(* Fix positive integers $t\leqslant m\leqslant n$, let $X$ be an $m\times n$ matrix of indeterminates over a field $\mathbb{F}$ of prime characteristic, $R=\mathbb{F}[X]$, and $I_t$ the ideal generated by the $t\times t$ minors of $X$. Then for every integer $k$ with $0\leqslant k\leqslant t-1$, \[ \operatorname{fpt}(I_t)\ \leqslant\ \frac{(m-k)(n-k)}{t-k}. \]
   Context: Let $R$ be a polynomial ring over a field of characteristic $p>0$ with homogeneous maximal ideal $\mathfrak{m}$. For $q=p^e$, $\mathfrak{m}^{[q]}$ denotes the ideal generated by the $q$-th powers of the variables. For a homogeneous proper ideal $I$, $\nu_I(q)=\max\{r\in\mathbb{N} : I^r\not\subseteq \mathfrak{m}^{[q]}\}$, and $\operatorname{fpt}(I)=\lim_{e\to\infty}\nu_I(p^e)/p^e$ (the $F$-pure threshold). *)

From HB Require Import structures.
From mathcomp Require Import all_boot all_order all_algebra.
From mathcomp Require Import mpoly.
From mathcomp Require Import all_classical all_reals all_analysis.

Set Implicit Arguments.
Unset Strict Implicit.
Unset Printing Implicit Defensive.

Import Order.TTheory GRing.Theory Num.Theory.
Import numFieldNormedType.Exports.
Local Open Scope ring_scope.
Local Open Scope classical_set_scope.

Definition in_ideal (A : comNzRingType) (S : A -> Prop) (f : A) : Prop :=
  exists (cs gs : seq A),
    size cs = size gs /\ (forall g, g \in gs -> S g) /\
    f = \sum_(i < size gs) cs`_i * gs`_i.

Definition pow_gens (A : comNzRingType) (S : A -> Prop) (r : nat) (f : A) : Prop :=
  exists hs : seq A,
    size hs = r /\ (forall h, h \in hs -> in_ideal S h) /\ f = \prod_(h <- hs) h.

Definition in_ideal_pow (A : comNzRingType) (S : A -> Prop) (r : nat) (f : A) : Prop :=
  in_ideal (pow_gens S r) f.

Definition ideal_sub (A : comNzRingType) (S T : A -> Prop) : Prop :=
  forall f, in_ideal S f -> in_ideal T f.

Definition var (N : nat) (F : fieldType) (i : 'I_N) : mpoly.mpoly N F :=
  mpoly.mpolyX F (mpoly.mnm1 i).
□ □ □
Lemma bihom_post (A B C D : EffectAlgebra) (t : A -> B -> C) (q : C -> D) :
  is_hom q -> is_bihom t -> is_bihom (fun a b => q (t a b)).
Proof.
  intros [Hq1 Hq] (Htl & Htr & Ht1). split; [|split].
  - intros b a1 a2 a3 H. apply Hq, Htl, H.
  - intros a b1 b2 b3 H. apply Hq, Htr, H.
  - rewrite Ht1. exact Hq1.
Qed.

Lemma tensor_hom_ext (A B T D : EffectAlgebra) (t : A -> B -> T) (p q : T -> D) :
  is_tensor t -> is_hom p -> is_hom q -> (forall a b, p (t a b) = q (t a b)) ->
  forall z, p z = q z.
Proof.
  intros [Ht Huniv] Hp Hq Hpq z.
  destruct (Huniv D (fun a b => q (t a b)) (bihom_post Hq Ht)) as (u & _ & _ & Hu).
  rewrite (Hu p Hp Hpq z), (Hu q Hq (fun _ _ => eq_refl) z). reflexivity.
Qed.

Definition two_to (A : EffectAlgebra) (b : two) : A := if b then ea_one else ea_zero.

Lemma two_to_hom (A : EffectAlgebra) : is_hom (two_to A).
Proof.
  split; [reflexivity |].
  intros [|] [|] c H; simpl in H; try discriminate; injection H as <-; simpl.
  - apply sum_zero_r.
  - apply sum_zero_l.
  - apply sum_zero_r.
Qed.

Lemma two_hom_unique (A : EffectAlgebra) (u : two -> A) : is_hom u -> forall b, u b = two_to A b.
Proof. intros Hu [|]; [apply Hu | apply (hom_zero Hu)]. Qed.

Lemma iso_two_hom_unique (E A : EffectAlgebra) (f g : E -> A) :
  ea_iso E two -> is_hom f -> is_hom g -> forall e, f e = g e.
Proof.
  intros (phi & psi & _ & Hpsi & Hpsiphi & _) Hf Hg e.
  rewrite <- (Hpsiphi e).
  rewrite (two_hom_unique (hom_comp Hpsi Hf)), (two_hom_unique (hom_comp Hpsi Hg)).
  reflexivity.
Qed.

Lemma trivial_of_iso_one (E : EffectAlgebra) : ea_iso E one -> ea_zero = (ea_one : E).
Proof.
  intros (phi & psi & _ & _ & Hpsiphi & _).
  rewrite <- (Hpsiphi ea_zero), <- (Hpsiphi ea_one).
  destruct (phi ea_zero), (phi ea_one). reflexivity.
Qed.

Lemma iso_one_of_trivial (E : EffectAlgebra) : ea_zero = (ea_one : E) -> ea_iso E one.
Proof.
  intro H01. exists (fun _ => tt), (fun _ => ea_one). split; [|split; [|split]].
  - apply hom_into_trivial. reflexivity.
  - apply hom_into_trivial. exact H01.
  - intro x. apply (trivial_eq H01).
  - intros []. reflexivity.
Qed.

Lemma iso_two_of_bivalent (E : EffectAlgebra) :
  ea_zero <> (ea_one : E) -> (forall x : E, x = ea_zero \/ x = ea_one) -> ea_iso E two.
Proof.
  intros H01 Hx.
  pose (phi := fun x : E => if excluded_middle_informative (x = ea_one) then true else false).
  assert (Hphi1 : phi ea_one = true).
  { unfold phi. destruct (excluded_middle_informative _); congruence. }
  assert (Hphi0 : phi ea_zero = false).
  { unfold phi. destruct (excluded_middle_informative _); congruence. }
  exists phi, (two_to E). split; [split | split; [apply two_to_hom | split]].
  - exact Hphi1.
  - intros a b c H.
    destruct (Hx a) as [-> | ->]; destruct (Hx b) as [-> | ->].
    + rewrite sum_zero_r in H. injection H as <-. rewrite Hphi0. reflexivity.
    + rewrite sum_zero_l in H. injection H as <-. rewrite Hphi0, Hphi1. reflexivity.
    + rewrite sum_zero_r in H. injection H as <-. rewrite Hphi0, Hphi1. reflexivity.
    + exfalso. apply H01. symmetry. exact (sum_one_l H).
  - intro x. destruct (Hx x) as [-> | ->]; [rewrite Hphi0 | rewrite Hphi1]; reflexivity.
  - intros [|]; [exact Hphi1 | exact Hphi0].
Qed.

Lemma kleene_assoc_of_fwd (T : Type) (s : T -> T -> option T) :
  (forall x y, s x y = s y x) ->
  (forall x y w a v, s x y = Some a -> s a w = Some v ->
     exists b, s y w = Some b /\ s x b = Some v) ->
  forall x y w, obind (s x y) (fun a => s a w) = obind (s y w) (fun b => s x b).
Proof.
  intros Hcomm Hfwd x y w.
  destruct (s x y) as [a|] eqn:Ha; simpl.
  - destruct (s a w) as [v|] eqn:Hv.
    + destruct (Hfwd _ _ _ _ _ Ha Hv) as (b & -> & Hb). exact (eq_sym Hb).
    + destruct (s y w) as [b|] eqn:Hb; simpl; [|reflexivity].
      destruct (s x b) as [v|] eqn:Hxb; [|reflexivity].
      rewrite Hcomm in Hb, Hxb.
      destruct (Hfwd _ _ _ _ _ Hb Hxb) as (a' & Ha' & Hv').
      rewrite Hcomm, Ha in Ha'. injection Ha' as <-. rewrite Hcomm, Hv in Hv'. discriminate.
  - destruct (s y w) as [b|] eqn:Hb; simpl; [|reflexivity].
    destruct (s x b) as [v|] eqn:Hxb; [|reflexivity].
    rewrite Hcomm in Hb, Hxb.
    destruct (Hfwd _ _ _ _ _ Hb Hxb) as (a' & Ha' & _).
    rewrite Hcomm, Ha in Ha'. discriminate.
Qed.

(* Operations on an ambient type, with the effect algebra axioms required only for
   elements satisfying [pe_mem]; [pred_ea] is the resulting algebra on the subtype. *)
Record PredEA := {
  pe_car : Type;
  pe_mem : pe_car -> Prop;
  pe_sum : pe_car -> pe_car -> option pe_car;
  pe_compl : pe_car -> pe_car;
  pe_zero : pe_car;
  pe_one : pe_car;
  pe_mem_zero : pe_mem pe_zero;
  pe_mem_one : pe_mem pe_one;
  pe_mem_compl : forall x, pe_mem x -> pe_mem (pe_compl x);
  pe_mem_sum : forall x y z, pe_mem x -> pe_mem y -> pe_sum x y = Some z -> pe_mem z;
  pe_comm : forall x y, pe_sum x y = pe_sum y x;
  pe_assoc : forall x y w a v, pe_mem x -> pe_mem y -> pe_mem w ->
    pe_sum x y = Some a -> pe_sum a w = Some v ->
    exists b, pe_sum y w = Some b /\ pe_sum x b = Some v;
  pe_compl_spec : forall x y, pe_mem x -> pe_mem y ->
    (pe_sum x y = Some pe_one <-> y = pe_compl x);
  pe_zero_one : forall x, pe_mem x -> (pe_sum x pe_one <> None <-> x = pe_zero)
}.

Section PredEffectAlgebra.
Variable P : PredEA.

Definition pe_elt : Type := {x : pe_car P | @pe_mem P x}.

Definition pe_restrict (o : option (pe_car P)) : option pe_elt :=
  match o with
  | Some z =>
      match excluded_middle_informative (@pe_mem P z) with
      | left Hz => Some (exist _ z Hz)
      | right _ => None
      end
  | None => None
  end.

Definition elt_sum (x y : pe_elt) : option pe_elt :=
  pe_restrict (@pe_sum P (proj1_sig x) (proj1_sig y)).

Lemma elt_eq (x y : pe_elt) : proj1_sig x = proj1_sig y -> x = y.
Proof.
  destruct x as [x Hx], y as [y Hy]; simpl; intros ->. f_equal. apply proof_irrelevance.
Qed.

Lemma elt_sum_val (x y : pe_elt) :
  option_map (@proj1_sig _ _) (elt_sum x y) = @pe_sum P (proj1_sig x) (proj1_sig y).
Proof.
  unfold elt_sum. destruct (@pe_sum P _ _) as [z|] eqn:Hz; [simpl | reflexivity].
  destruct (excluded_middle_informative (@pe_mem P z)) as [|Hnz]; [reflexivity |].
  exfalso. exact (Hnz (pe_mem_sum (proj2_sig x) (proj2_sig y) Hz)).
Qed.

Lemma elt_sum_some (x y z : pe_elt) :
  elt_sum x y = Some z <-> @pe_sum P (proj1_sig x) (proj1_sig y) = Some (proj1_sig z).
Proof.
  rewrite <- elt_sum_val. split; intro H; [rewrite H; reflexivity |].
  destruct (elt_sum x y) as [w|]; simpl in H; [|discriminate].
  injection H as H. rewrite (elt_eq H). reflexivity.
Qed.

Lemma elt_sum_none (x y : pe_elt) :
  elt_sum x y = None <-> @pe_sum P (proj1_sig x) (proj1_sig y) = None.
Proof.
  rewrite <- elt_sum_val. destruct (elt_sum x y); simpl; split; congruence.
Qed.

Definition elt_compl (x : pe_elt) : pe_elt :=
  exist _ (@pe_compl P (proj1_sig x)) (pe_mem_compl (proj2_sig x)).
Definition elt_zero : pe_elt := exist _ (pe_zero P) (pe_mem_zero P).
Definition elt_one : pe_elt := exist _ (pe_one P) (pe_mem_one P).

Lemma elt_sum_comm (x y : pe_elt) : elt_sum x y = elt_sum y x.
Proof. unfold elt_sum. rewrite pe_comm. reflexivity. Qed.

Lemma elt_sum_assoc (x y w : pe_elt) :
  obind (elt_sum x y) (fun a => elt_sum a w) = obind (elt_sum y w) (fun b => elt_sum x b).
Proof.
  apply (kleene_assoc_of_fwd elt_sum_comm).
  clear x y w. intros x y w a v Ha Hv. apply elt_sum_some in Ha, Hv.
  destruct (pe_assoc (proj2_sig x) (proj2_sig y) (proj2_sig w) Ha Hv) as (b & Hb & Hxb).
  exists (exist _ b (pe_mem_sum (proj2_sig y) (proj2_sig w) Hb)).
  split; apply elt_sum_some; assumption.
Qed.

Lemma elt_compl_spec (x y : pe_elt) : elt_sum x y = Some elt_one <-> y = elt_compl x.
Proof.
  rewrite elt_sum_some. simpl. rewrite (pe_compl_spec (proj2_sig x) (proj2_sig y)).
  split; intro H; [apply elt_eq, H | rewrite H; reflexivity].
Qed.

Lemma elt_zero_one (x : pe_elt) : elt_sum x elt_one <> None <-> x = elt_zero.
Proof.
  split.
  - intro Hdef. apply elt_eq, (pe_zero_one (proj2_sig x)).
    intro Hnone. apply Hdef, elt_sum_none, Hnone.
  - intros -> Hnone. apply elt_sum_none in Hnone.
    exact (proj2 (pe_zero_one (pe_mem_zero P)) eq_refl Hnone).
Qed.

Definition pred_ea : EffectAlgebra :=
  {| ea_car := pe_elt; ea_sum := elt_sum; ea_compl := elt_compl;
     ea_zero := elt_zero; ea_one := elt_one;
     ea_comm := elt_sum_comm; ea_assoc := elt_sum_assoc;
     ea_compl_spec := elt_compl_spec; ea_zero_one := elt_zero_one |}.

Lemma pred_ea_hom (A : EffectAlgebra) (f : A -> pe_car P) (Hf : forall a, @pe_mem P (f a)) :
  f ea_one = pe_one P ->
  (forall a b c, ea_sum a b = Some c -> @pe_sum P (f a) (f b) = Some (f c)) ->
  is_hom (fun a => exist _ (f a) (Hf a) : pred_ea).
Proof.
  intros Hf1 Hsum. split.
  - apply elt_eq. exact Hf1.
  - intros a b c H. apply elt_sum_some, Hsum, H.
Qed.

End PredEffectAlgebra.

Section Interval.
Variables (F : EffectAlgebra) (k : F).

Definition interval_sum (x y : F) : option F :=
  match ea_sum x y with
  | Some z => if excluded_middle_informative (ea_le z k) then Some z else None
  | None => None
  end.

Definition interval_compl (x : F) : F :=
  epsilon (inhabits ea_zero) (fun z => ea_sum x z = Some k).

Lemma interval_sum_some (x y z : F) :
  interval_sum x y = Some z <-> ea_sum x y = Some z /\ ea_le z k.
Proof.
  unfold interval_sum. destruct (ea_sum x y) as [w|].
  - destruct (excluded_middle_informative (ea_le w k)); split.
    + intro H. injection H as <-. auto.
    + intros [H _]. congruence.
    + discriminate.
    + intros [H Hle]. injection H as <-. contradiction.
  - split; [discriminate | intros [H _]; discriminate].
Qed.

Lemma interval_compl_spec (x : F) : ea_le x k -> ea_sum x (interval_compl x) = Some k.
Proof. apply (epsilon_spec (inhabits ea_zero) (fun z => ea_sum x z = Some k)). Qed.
□ □ □
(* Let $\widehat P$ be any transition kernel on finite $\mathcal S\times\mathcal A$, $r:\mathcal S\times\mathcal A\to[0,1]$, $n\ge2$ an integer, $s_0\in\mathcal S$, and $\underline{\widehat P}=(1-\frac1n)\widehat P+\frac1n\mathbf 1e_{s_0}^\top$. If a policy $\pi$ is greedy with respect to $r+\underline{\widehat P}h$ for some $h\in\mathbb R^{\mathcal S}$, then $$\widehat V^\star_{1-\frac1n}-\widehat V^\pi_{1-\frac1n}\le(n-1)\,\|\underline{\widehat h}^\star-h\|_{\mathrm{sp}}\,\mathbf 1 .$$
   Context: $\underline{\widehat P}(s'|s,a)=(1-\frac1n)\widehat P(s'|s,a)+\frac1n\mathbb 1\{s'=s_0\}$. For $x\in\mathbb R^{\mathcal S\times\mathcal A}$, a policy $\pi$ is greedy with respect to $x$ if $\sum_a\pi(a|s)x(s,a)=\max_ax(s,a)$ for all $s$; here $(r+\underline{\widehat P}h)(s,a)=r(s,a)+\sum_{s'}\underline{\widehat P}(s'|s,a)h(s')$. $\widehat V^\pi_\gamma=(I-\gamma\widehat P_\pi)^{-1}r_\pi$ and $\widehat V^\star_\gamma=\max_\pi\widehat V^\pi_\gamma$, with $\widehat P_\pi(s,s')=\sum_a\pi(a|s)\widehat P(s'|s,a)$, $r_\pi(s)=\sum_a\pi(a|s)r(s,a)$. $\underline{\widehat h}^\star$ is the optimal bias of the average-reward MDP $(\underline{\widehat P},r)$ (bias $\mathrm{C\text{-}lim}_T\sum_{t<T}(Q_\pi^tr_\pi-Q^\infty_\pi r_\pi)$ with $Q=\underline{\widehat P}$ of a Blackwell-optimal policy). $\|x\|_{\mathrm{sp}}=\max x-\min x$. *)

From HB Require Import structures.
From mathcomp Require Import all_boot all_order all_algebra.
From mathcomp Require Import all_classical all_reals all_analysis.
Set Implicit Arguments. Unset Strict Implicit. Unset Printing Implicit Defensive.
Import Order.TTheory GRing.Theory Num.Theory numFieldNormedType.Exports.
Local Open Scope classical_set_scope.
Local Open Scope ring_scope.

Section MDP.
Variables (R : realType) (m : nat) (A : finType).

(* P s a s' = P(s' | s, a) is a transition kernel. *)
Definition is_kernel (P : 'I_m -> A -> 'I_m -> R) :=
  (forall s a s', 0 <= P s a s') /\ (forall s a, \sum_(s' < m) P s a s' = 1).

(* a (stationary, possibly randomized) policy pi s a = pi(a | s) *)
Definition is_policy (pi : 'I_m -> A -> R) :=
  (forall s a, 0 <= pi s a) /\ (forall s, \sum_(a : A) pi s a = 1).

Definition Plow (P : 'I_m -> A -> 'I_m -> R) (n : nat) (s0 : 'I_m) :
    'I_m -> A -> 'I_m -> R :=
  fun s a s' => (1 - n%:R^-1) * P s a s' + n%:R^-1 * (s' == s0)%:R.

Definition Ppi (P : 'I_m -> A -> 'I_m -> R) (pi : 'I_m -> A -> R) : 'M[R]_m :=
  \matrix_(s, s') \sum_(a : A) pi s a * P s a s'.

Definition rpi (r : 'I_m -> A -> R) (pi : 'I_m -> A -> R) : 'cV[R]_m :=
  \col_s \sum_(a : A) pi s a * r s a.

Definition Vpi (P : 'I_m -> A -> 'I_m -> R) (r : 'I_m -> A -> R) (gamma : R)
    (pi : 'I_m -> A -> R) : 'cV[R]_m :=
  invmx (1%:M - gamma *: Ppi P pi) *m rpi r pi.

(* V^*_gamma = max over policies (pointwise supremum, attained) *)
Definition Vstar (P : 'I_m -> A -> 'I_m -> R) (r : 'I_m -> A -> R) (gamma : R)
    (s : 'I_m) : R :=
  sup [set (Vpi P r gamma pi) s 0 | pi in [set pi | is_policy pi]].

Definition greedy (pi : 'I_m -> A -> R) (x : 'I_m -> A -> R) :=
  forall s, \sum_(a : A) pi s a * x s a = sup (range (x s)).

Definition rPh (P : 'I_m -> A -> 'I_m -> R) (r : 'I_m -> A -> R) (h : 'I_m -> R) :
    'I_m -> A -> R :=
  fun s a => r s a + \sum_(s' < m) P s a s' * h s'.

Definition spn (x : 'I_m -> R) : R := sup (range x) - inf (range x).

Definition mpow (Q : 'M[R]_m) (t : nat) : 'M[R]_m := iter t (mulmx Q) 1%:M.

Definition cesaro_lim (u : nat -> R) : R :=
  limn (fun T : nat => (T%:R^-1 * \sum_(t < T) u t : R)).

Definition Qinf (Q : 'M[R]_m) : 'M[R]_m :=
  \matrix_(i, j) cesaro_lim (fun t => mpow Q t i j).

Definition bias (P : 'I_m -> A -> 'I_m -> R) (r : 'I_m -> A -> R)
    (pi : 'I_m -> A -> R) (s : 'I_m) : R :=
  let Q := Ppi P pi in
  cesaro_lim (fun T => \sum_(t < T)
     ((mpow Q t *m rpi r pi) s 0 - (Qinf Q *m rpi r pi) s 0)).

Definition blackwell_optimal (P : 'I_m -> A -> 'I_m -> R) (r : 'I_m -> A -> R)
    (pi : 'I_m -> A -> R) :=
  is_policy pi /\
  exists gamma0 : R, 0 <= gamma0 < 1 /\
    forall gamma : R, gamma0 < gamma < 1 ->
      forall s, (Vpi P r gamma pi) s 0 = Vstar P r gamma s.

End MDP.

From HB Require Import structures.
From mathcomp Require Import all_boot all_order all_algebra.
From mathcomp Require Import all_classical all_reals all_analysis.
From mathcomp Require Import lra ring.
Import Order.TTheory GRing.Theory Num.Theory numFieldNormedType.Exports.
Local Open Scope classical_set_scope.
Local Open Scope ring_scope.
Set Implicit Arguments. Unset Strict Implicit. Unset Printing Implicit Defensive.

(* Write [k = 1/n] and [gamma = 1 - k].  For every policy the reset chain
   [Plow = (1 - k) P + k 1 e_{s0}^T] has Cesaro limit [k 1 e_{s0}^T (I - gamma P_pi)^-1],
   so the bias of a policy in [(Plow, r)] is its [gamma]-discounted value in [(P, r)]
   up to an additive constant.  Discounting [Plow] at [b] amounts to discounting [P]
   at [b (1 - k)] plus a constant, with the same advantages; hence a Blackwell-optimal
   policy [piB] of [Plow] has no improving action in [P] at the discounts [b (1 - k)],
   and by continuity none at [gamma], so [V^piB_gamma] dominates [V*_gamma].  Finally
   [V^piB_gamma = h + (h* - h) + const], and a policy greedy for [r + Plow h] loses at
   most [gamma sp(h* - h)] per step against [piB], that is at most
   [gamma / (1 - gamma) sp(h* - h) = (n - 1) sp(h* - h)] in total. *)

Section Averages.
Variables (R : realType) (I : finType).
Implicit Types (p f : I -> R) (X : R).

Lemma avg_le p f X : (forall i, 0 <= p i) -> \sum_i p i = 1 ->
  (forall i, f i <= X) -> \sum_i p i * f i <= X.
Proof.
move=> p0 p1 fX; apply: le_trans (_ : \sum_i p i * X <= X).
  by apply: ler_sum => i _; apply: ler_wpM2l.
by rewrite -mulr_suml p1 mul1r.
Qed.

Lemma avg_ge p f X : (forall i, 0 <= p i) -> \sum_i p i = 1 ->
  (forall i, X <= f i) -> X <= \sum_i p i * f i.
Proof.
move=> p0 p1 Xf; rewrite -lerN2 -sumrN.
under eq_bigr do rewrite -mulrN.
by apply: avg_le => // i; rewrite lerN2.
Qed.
□ □ □
◆ The problem ◆
Among the records above, find each line containing the string "move" and copy it.

◆ Response to this task ◆
move=> p0 p1 fX; apply: le_trans (_ : \sum_i p i * X <= X).
move=> p0 p1 Xf; rewrite -lerN2 -sumrN.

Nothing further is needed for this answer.